Expensive Smartphones will disappear in a few years

Harvard professor talks about the prospects for the smartphone amid fierce innovation. As the technology matures, you get a disruption. It’s not a disruption of technology, though, but a disruption of the business, the high-margin business.

The high margins that Apple and Samsung get on the smartphones are going to be eaten away by companies like HTC, Huawei, and others to be named. They’re going to introduce smartphones that are almost as good and most people are not going to be able to tell the difference.

In the short run, I don’t think they [google glass and smartwatches and other wearables] are any [danger to] smartphones. What people don’t talk about is those form factors aren’t big enough for the processor, data storage, cellular communications circuitry, and especially the battery, so you still need a smartphone. The watch still connects to your smartphone, and I believe the glasses will still need to connect to your smartphone, because you still need someplace to store the data and provide a communications link to the Internet and the rest of your stuff.

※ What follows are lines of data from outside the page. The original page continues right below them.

(* If $M$ is a restricted Kripke model, $U$ is an atemporal action model over $L_{\mathsf{YDEL}}$, and $W^{M\oplus U}\neq\emptyset$, then $M\oplus U$ is a restricted Kripke model.
   Context: Fix a nonempty finite set $\mathsf{Agt}$ of agents and a nonempty set $\mathsf{Prop}$ of letters. A Kripke model is $M=(W^M,(\to^M_a)_a,\leadsto^M,V^M)$: nonempty $W^M$, binary relations $\to^M_a,\leadsto^M$ ($w'\leadsto w$: $w'$ is a yesterday of $w$), valuation $V^M:\mathsf{Prop}\to\mathcal P(W^M)$. A progression is a finite nonempty $x_0,\dots,x_n$ with $x_i\leadsto x_{i+1}$; a history is one not extendable at its beginning; $\mathrm{depth}(x)$ is the maximal length of a history ending at $x$ ($\infty$ if none). $M$ is restricted if: $w\leadsto w'$ implies $w\in V(p)\iff w'\in V(p)$ (persistence of facts); all depths finite; $w'\leadsto w\to_av$ implies $\exists v'\leadsto v$ (knowledge of the past); $w\to_av$ and no $w'\leadsto w$ imply no $v'\leadsto v$ (knowledge of initial time); $w'\leadsto w$, $w''\leadsto w$ imply $w'=w''$ (uniqueness of the past); $w\leadsto v\to_av'$ implies $\exists w'$ with $w\to_aw'\leadsto v'$ (perfect recall). An action model over a set of formulas $F$ is $U=(W^U,(\to^U_a)_a,\leadsto^U,\mathrm{pre}^U)$ with $W^U$ nonempty finite, binary relations, $\mathrm{pre}^U:W^U\to F$; atemporal means $\leadsto^U=\emptyset$. $L_{\mathsf{YDEL}}$: $\varphi::=p\mid\neg\varphi\mid\varphi\wedge\varphi\mid\Box_a\varphi\mid[Y]\varphi\mid[U,s]\varphi$ with $(U,s)$ a pointed atemporal action model over $L_{\mathsf{YDEL}}$; the symbol $\flat$ is never a world or event. $\mathsf{YDEL}$ semantics on pointed restricted models: Boolean standard; $M,w\models_{\mathsf{YDEL}}\Box_a\varphi$ iff $\varphi$ holds at all $v$ with $w\to^M_av$; $M,w\models_{\mathsf{YDEL}}[Y]\varphi$ iff $\varphi$ holds at all $v\leadsto^Mw$; $M,w\models_{\mathsf{YDEL}}[U,s]\varphi$ iff $M,w\models_{\mathsf{YDEL}}\mathrm{pre}^U(s)$ implies $M\oplus U,(w,s)\models_{\mathsf{YDEL}}\varphi$, where $W^{M\oplus U}=(W^M\times\{\flat\})\cup\{(v,t)\in W^M\times W^U:M,v\models_{\mathsf{YDEL}}\mathrm{pre}^U(t)\}$; $(v,t)\to_a(v',t')$ iff ($t,t'\ne\flat$, $v\to^M_av'$, $t\to^U_at'$) or ($t=t'=\flat$, $v\to^M_av'$); $(v,t)\leadsto(v',t')$ iff ($t=\flat$, $t'\ne\flat$, $v=v'$) or ($t=t'=\flat$, $v\leadsto^Mv'$); $(v,t)\in V(p)$ iff $v\in V^M(p)$. *)

From mathcomp Require Import all_boot.
Set Implicit Arguments. Unset Strict Implicit. Unset Printing Implicit Defensive.

Section YDEL.
Variable Agt : finType.
Variable Prp : Type.

(* Kripke structure over a carrier W (nonemptiness is part of [restricted]). *)
Record model (W : Type) := Model {
  mrel  : Agt -> W -> W -> Prop;
  myest : W -> W -> Prop;            (* w' ~> w : w' is a yesterday of w *)
  mval  : Prp -> W -> Prop
}.

(* Formulas of L_YDEL.  An action-model modality [U,s] carries the
   (atemporal) action model unpacked: events 'I_n.+1 (nonempty finite),
   relations ->_a, preconditions, and the point s. *)
Inductive form : Type :=
| FVar : Prp -> form
| FNeg : form -> form
| FAnd : form -> form -> form
| FBox : Agt -> form -> form
| FY   : form -> form
| FAct : forall n : nat, (Agt -> 'I_n.+1 -> 'I_n.+1 -> Prop) ->
           ('I_n.+1 -> form) -> 'I_n.+1 -> form -> form.

(* Worlds of the product M (+) U; [None] plays the role of the symbol flat. *)
Definition prodW (W : Type) (n : nat) (ok : W -> 'I_n.+1 -> Prop) :=
  {x : W * option 'I_n.+1 | if x.2 is Some t then ok x.1 t else True}.

Definition prodM (W : Type) (M : model W) (n : nat)
  (arel : Agt -> 'I_n.+1 -> 'I_n.+1 -> Prop) (ok : W -> 'I_n.+1 -> Prop)
  : model (prodW ok) :=
  Model
    (fun a (x y : prodW ok) =>
       match (sval x).2, (sval y).2 with
       | Some t, Some t' => mrel M a (sval x).1 (sval y).1 /\ arel a t t'
       | None, None => mrel M a (sval x).1 (sval y).1
       | _, _ => False
       end)
    (fun (x y : prodW ok) =>
       ((sval x).2 = None /\ (sval y).2 <> None /\ (sval x).1 = (sval y).1)
       \/ ((sval x).2 = None /\ (sval y).2 = None /\ myest M (sval x).1 (sval y).1))
    (fun p (x : prodW ok) => mval M p (sval x).1).

Fixpoint sat (phi : form) : forall (W : Type), model W -> W -> Prop :=
  match phi with
  | FVar p => fun W M w => mval M p w
  | FNeg f => fun W M w => ~ sat f M w
  | FAnd f g => fun W M w => sat f M w /\ sat g M w
  | FBox a f => fun W M w => forall v, mrel M a w v -> sat f M v
  | FY f => fun W M w => forall v, myest M v w -> sat f M v
  | FAct n arel pre s f => fun W M w =>
      forall h : sat (pre s) M w,
        sat f (prodM M arel (fun v t => sat (pre t) M v))
              (exist (fun x : W * option 'I_n.+1 =>
                        if x.2 is Some t then sat (pre t) M x.1 else True)
                     (w, Some s) h)
  end.

(* Action models over L_YDEL (with a temporal relation, so that
   "atemporal" is a genuine hypothesis). *)
Record amodel := AModel {
  an : nat;
  arel : Agt -> 'I_an.+1 -> 'I_an.+1 -> Prop;
  ayest : 'I_an.+1 -> 'I_an.+1 -> Prop;
  apre : 'I_an.+1 -> form
}.

Definition atemporal (U : amodel) : Prop := forall s t, ~ @ayest U s t.

Definition updW (W : Type) (M : model W) (U : amodel) : Type :=
  prodW (fun v t => sat (@apre U t) M v).
Definition upd (W : Type) (M : model W) (U : amodel) : model (updW M U) :=
  prodM M (@arel U) (fun v t => sat (@apre U t) M v).

(* Progressions x_0,...,x_n encoded as f : nat -> W on indices 0..n. *)
Definition progression (W : Type) (M : model W) (f : nat -> W) (n : nat) : Prop :=
  forall i, i < n -> myest M (f i) (f i.+1).
Definition history (W : Type) (M : model W) (f : nat -> W) (n : nat) : Prop :=
  progression M f n /\ ~ (exists y, myest M y (f 0)).
(* depth(x) is finite iff the lengths of the histories ending at x have a maximum *)
Definition finite_depth (W : Type) (M : model W) (x : W) : Prop :=
  exists N, (exists f, history M f N /\ f N = x) /\
            (forall f n, history M f n -> f n = x -> n <= N).

Definition restricted (W : Type) (M : model W) : Prop :=
  inhabited W /\
  (forall w w' p, myest M w w' -> (mval M p w <-> mval M p w')) /\
  (forall x, finite_depth M x) /\
  (forall w' w a v, myest M w' w -> mrel M a w v -> exists v', myest M v' v) /\
  (forall w a v, mrel M a w v -> (~ exists w', myest M w' w) ->
                  ~ exists v', myest M v' v) /\
  (forall w' w'' w, myest M w' w -> myest M w'' w -> w' = w'') /\
  (forall w v a v', myest M w v -> mrel M a v v' ->
                     exists w', mrel M a w w' /\ myest M w' v').

End YDEL.

From Stdlib Require Import ProofIrrelevance.
From mathcomp Require Import all_boot.
Set Implicit Arguments. Unset Strict Implicit.

(* A world of M (+) U is either a flat copy (v, b) of a world v of M, whose
   past is the past of v in M lifted to flat copies, or an event (v, t), whose
   only yesterday is (v, b); so depth (v, b) = depth v and depth (v, t) =
   depth v + 1.  Since the relations ->_a never link a flat copy to an event,
   every other clause of restrictedness is checked separately on flat copies,
   where it is the clause for M, and on events, where it holds trivially. *)

Section Histories.
Variables (Agt : finType) (Prp W : Type) (M : model Agt Prp W).

Lemma history_prefix f m n : m <= n -> history M f n -> history M f m.
Proof.
by move=> le_mn [hf h0]; split=> // i lt_im; apply: hf (leq_trans lt_im le_mn).
Qed.

Lemma history_snoc f n y : history M f n -> myest M (f n) y ->
  history M (fun i => if i <= n then f i else y) n.+1.
Proof.
move=> [hf h0] fy; split=> // i; rewrite ltnS => le_in; rewrite le_in.
case: ltnP => [lt_in|le_ni]; first exact: hf.
by have /eqP -> : i == n by rewrite eqn_leq le_in le_ni.
Qed.

End Histories.

Section ProductModel.
Variables (Agt : finType) (Prp W : Type) (M : model Agt Prp W).
Variables (n : nat) (arel : Agt -> 'I_n.+1 -> 'I_n.+1 -> Prop).
Variable ok : W -> 'I_n.+1 -> Prop.

Local Notation X := (prodW ok).
Local Notation P := (prodM M arel ok).

Definition flat (v : W) : X :=
  exist (fun x : W * option 'I_n.+1 => if x.2 is Some t then ok x.1 t else True)
        (v, None) I.

Definition is_flat (x : X) : Prop := exists v, x = flat v.
Definition is_event (x : X) : Prop := (sval x).2 <> None.

Lemma prodW_eq (x y : X) : sval x = sval y -> x = y.
Proof. by apply: eq_sig_hprop => ? ? ?; apply: proof_irrelevance. Qed.

Lemma flatVevent x : is_flat x \/ is_event x.
Proof.
case ex: (sval x).2 => [t|]; [by right; rewrite /is_event ex | left].
by exists (sval x).1; apply: prodW_eq; rewrite /= -ex; case: (sval x).
Qed.

Lemma yest_src_flat y x : myest P y x -> is_flat y.
Proof.
have [//|ey] := flatVevent y.
by case=> -[ny _]; case: ey.
Qed.

Lemma flat_yestE v w : myest P (flat v) (flat w) <-> myest M v w.
Proof. by split=> [[[_ []]|[_ []]] | hvw] //; right. Qed.

Lemma event_yestE x y : is_event x -> myest P y x <-> y = flat (sval x).1.
Proof.
move=> ex; split=> [hyx|->]; last by left.
have [v ev] := yest_src_flat hyx; subst y.
by case: hyx => [[_ [_ /= ->]] | [_ [/ex]]].
Qed.

Lemma rel_fst a x y : mrel P a x y -> mrel M a (sval x).1 (sval y).1.
Proof. by rewrite /=; case: (sval x).2; case: (sval y).2 => // ? ? []. Qed.

Lemma rel_event a x y : mrel P a x y -> (is_event x <-> is_event y).
Proof. by rewrite /is_event /=; case: (sval x).2; case: (sval y).2. Qed.

Lemma rel_flat a x y : mrel P a x y -> is_flat x -> is_flat y.
Proof.
move=> hxy [v ev]; have [//|ey] := flatVevent y.
by move/(rel_event hxy): ey; rewrite ev => /(_ erefl).
Qed.

Lemma rel_flat_inv a x y : mrel P a x y -> is_flat y -> is_flat x.
Proof.
move=> hxy [v ev]; have [//|ex] := flatVevent x.
by move/(rel_event hxy): ex; rewrite ev => /(_ erefl).
Qed.

Lemma history_flat g N : history M g N -> history P (fun i => flat (g i)) N.
Proof.
move=> [hg h0]; split=> [i /hg /flat_yestE //|[y hy]].
have [v ey] := yest_src_flat hy; rewrite ey in hy.
by apply: h0; exists v; apply/flat_yestE.
Qed.

Lemma history_flat_end f N : history P f N -> is_flat (f N) ->
  history M (fun i => (sval (f i)).1) N.
Proof.
move=> [hf h0] fN.
have flat_f i : i <= N -> is_flat (f i).
  rewrite leq_eqVlt => /orP[/eqP -> // | /hf]; exact: yest_src_flat.
split=> [i lt_iN | [y hy]].
  have [[v ev] [w ew]] := (flat_f i (ltnW lt_iN), flat_f i.+1 lt_iN).
  by move: (hf i lt_iN); rewrite ev ew => /flat_yestE.
have [v ev] := flat_f 0 (leq0n N); rewrite ev in hy.
by apply: h0; exists (flat y); rewrite ev; apply/flat_yestE.
Qed.

Lemma finite_depth_flat v : finite_depth M v -> finite_depth P (flat v).
Proof.
move=> [N [[g [hg gN]] depth_le]]; exists N; split.
  by exists (fun i => flat (g i)); rewrite gN; split=> //; apply: history_flat.
move=> f m hf fm; apply: depth_le (history_flat_end hf _) _.
  by exists v.
by rewrite fm.
Qed.

Lemma finite_depth_event x : is_event x -> finite_depth M (sval x).1 ->
  finite_depth P x.
Proof.
move=> ex [N [[g [hg gN]] depth_le]]; exists N.+1; split.
  exists (fun i => if i <= N then flat (g i) else x); rewrite ltnn; split=> //.
  by apply: history_snoc (history_flat hg) _; rewrite gN; apply/event_yestE.
move=> f [|k] hf fk.
  by case: hf.2; exists (flat (sval x).1); rewrite fk; apply/event_yestE.
have /(event_yestE _ ex) fk' : myest P (f k) x by rewrite -fk; apply: hf.1.
have hk := history_flat_end (history_prefix (leqnSn k) hf) (ex_intro _ _ fk').
by apply: depth_le hk _; rewrite fk'.
Qed.

Hypothesis restrictedM : restricted M.

Lemma prod_restricted : restricted P.
Proof.
have [[w] [pers [depth [past [initial [unique recall]]]]]] := restrictedM.
split; first exact: inhabits (flat w).
split=> [y x p /= [[_ [_ ->]] | [_ [_ /pers]]] // | ].
split=> [x | ].
  have [[v ->]|ex] := flatVevent x; first exact: finite_depth_flat.
  exact: finite_depth_event.
split=> [w' x a y hw'x hxy | ].
  have [[v ev]|ey] := flatVevent y.
    have [u eu] := rel_flat_inv hxy (ex_intro _ _ ev).
    have [u' eu'] := yest_src_flat hw'x.
    move: hw'x hxy; rewrite eu eu' ev => /flat_yestE hu'u huv.
    by have [v' hv'v] := past _ _ _ _ hu'u huv; exists (flat v'); apply/flat_yestE.
  by exists (flat (sval y).1); apply/event_yestE.
split=> [x a y hxy no_yx [y' hy'y] | ].
  have [[u eu]|ex] := flatVevent x; last first.
    by apply: no_yx; exists (flat (sval x).1); apply/event_yestE.
  have [v ev] := rel_flat hxy (ex_intro _ _ eu).
  have [v' ev'] := yest_src_flat hy'y.
  move: hxy hy'y; rewrite eu ev ev' => huv /flat_yestE hv'v.
  apply: initial huv _ (ex_intro _ v' hv'v) => -[u' hu'u].
  by apply: no_yx; exists (flat u'); rewrite eu; apply/flat_yestE.
split=> [y1 y2 x hy1 hy2 | ].
  have [[v ev]|ex] := flatVevent x; last first.
    by move: hy1 hy2 => /(event_yestE _ ex) -> /(event_yestE _ ex) ->.
  have [[u1 e1] [u2 e2]] := (yest_src_flat hy1, yest_src_flat hy2).
  move: hy1 hy2; rewrite ev e1 e2 => /flat_yestE hu1 /flat_yestE hu2.
  by rewrite (unique _ _ _ hu1 hu2).
move=> x y a y' hxy hyy'.
have [[v ev]|ey] := flatVevent y.
  have [v' ev'] := rel_flat hyy' (ex_intro _ _ ev).
  have [u eu] := yest_src_flat hxy.
  move: hxy hyy'; rewrite eu ev ev' => /flat_yestE huv hvv'.
  have [u' [huu' hu'v']] := recall _ _ _ _ huv hvv'.
  by exists (flat u'); split=> //; apply/flat_yestE.
have ey' : is_event y' := (rel_event hyy').1 ey.
exists (flat (sval y').1); split; last exact/event_yestE.
by move/(event_yestE _ ey): hxy => ->; exact: rel_fst hyy'.
Qed.

End ProductModel.

Theorem corollary32 (Agt : finType) (Prp : Type)
  (hAgt : inhabited Agt) (hPrp : inhabited Prp)
  (W : Type) (M : model Agt Prp W) (U : amodel Agt Prp) :
  restricted M -> atemporal U -> inhabited (updW M U) ->
  restricted (upd M U).
Proof.
(* [upd] never consults the temporal relation of U. *)
by move=> hM _ _; apply: prod_restricted.
Qed.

People predict the demise of things, but it doesn’t happen as immediately as people think. It takes a long time to dismantle something. But once it starts to happen, it can happen very rapidly.

It takes about five years for a dominant technology to fall

Digital cameras were around a long time together with film cameras. And all of a sudden — I think it was within a span of five years — nobody bought a film camera anymore. So they’re kind of a traveling along slowly and boom, it’s gone. I think laptops and desktops were going along pretty smoothly, and all of a sudden people stopped buying desktops. And so that’s the kind of thing that happens.

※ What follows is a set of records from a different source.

(* A near transversal gives a permutation agreeing with each row at most twice. *)
Lemma rows_cover_lower r' : covers (rows_set L) r' -> n - 2 <= r'.
Proof.
move=> cover; have [row_inj col_inj] := latin.
have [a [adm full]] := near_transversal row_inj col_inj.
pose row_of c := odflt c (a c).
have aE c : a c = Some (row_of c) by move: (full c); rewrite /row_of; case: (a c).
pose g c := L (row_of c) c.
have g_inj : injective g by move=> c1 c2; apply: (proj2 adm _ _ _ _ (aE c1) (aE c2)).
have [h /rows_setP [r ->] dist] := cover (perm g_inj).
apply: leq_trans dist; rewrite hdistE leq_sub2l //.
have -> : [set i | perm g_inj i == row_perm r i] = [set c | a c == Some r].
  by apply/setP => c; rewrite !inE permE row_permE aE (inj_eq Some_inj) (inj_eq (@col_inj c)).
by rewrite -sum_indicator; apply: (proj1 adm r).
Qed.
End Rows.

Theorem theorem6p4 (n : nat) (L : 'I_n -> 'I_n -> 'I_n) :
  latin_square L -> ~ has_transversal L ->
  is_covering_radius (rows_set L) (n - 2).
Proof.
move=> latin no_transversal; split; first exact: rows_cover.
exact: rows_cover_lower.
Qed.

Feature phones, the ones replaced by smartphones, were going along with smartphones, which had been around since 2000. They were always there, but never took off. A few years after Apple introduced their first iPhone was when smartphones just started to take off.

I don’t like to talk about “cool gadgets.” I prefer to talk about: What is the job that needs to be done? Why did smartphones take off? Because I have this necessity to be connected to my email as well as be able to talk to people. And I have necessity every now and then to look at stuff on the Internet, which is annoying, by the way, because it’s such a small screen. But sometimes, out of necessity, I have to look for my reservation code number, for example, because I have to check in at the airport.

Because of that, I choose to buy a smartphone, since it is able to do those jobs. You can think of all sorts of other jobs and once people think [a technology] is important enough and does that job well enough, people will elect to use that device. In the end, it’s people using the technology to do a job. People buy it to do a job.